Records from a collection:

------------------------------------------------------------

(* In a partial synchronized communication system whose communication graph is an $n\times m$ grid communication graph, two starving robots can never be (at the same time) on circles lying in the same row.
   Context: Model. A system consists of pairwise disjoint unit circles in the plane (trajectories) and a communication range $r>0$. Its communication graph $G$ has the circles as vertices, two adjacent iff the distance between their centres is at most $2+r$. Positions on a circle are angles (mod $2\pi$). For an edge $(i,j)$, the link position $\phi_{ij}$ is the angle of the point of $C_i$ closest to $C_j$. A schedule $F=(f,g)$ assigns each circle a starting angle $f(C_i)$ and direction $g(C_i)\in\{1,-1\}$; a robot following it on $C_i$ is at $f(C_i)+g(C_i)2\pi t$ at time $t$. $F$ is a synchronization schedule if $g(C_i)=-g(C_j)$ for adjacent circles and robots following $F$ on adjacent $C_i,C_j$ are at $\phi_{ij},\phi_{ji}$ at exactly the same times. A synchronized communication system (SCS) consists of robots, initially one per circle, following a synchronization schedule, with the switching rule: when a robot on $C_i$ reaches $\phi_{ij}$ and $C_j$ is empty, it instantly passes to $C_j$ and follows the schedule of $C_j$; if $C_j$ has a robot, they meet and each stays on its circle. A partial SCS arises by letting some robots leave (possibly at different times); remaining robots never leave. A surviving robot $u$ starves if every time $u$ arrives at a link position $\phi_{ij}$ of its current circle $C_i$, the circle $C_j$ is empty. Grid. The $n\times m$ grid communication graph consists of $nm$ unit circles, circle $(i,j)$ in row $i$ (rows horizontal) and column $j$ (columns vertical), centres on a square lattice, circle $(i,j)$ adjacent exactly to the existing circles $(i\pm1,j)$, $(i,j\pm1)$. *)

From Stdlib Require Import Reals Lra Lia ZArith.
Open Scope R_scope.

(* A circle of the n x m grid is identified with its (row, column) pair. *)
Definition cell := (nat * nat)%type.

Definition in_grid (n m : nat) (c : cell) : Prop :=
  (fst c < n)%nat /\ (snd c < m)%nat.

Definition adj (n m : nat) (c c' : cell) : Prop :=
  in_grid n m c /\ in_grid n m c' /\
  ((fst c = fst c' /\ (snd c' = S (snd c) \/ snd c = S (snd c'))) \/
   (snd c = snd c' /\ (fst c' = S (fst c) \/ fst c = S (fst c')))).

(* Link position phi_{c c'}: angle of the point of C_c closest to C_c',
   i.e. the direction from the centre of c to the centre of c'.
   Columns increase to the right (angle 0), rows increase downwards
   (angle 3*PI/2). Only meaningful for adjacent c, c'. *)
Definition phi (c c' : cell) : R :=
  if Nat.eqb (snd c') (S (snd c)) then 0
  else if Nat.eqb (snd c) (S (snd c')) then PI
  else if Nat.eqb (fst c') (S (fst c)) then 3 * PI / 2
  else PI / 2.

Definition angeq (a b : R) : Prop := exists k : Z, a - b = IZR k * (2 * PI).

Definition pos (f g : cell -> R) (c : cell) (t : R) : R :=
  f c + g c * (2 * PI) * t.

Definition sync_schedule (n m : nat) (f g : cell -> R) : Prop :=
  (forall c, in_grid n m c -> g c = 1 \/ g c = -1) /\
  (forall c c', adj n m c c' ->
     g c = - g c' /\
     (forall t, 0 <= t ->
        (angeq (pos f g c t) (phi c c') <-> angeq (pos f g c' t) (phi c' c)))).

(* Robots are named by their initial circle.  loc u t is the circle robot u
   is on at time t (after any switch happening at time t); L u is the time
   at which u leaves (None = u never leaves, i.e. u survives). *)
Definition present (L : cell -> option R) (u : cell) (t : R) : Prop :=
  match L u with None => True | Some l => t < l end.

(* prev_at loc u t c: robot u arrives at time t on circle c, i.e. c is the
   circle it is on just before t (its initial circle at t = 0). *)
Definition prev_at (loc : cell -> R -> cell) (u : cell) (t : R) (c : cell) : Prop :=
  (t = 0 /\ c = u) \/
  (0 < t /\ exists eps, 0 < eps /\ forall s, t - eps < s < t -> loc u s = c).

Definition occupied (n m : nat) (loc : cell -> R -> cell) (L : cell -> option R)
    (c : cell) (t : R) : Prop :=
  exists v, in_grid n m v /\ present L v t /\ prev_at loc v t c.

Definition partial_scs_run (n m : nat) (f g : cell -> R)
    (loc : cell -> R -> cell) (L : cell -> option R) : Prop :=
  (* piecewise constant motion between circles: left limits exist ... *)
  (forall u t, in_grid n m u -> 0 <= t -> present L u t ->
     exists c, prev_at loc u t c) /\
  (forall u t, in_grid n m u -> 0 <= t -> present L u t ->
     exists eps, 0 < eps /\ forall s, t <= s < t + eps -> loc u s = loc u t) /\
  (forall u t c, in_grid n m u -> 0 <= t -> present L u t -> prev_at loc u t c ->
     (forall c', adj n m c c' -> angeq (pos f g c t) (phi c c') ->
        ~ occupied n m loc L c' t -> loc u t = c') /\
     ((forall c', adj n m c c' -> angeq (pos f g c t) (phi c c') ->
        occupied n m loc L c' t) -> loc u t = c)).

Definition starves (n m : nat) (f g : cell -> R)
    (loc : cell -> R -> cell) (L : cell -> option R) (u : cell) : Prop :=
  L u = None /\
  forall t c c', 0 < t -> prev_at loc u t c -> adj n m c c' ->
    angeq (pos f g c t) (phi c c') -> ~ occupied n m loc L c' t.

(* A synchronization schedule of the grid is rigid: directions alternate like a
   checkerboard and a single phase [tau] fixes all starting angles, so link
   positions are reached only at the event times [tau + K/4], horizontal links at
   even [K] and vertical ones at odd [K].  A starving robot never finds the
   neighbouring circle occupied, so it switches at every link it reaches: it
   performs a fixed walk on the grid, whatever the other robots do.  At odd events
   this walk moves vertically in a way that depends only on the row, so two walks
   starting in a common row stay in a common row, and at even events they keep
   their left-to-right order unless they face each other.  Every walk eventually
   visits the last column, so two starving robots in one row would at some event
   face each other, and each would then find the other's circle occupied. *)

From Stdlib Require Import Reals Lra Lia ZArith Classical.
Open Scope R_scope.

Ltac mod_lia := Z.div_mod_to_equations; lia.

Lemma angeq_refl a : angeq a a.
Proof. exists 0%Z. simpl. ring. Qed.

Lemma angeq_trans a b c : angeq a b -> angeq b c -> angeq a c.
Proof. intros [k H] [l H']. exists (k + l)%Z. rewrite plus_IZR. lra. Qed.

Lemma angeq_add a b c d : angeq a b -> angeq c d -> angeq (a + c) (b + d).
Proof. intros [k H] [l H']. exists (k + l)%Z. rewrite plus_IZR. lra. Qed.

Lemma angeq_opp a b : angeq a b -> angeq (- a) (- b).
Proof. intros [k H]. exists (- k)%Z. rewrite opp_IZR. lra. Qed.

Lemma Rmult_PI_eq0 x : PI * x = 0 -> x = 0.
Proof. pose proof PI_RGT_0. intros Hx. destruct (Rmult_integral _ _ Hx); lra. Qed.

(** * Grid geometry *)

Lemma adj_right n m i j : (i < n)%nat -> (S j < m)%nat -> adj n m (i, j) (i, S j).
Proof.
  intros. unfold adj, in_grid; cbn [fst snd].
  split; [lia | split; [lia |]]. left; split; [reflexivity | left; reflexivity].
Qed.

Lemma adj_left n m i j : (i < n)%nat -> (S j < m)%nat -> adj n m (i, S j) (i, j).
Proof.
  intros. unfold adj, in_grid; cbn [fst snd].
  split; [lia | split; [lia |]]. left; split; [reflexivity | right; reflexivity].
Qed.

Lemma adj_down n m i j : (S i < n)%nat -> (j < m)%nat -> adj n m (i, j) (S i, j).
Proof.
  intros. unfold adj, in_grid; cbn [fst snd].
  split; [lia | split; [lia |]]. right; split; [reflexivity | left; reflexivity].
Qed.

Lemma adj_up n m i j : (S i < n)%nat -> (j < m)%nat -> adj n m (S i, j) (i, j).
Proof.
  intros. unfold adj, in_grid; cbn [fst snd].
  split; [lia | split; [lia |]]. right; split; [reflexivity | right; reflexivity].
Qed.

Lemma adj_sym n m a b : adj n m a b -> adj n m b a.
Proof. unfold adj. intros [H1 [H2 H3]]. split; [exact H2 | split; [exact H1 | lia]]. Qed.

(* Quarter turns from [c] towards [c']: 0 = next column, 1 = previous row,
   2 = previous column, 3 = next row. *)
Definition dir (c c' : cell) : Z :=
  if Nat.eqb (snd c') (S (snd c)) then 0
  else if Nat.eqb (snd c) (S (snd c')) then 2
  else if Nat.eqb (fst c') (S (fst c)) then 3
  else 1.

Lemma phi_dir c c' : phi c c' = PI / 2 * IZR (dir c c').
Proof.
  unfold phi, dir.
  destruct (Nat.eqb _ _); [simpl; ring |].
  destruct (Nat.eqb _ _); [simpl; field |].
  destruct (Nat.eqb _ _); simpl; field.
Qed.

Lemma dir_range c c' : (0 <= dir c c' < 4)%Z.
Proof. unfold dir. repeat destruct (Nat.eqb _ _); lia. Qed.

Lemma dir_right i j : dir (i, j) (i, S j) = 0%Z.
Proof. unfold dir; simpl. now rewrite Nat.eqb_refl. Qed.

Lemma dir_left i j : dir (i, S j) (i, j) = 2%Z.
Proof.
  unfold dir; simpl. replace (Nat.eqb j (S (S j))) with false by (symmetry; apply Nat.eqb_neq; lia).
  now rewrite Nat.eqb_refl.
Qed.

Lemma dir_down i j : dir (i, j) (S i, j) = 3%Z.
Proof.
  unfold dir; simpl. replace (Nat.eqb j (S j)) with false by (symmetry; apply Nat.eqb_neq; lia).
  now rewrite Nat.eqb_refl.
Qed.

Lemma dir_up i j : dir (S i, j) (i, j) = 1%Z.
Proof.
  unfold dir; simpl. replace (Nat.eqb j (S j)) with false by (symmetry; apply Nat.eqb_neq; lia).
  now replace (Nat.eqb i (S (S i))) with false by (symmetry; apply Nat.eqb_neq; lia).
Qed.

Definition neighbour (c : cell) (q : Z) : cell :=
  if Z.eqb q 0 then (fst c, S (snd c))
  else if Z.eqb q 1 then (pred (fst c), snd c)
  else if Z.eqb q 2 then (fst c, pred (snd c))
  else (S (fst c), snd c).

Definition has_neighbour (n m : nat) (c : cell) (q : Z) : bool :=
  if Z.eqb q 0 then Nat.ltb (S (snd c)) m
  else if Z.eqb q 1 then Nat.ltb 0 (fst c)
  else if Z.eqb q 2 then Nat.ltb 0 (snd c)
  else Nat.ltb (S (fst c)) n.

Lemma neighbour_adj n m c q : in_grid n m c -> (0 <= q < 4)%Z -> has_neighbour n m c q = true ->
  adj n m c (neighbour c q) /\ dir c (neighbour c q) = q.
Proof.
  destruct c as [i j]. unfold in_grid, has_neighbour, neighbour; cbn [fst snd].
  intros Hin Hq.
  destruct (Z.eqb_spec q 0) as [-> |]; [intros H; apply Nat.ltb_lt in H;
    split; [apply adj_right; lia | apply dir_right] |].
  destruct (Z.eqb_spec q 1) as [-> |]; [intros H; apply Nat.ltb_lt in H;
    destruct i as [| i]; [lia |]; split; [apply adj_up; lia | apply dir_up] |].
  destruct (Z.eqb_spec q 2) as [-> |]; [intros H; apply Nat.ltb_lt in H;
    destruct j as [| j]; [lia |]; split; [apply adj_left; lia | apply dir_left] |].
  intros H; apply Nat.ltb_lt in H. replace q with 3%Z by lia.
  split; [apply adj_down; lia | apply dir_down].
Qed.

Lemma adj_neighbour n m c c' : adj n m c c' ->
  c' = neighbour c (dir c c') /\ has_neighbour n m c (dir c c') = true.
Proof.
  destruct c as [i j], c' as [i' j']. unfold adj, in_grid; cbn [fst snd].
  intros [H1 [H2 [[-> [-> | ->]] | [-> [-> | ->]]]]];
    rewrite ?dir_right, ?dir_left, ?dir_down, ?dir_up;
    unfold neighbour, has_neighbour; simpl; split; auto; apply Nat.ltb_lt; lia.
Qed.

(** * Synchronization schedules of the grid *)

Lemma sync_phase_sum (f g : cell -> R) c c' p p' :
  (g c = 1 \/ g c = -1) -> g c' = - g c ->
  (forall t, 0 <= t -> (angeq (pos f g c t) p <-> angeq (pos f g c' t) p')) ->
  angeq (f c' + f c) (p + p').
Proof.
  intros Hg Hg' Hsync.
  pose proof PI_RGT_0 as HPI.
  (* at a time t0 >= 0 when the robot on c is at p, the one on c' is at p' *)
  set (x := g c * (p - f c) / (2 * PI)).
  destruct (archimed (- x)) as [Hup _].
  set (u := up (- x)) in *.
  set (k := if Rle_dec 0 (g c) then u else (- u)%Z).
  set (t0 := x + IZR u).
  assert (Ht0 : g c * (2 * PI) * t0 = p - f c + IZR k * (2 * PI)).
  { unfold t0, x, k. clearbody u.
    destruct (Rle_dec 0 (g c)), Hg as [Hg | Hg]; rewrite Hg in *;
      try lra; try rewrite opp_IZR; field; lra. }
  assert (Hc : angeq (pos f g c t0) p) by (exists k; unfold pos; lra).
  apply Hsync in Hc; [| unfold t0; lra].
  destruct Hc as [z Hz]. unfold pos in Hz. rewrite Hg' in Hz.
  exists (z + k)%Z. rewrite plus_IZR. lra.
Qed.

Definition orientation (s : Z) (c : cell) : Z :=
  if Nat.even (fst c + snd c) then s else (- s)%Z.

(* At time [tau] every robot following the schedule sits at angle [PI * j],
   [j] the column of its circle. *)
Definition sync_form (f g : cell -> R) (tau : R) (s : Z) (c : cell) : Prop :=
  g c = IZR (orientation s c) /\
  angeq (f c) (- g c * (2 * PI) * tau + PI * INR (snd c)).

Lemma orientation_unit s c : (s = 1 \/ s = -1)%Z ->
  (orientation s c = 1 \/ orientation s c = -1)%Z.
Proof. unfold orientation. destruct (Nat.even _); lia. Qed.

------------------------------------------------------------

What the exercise asks
Lines holding the word "pred" in the entries above are the ones to pull out. Copy them all.

Solution below
  else if Z.eqb q 1 then (pred (fst c), snd c)
  else if Z.eqb q 2 then (fst c, pred (snd c))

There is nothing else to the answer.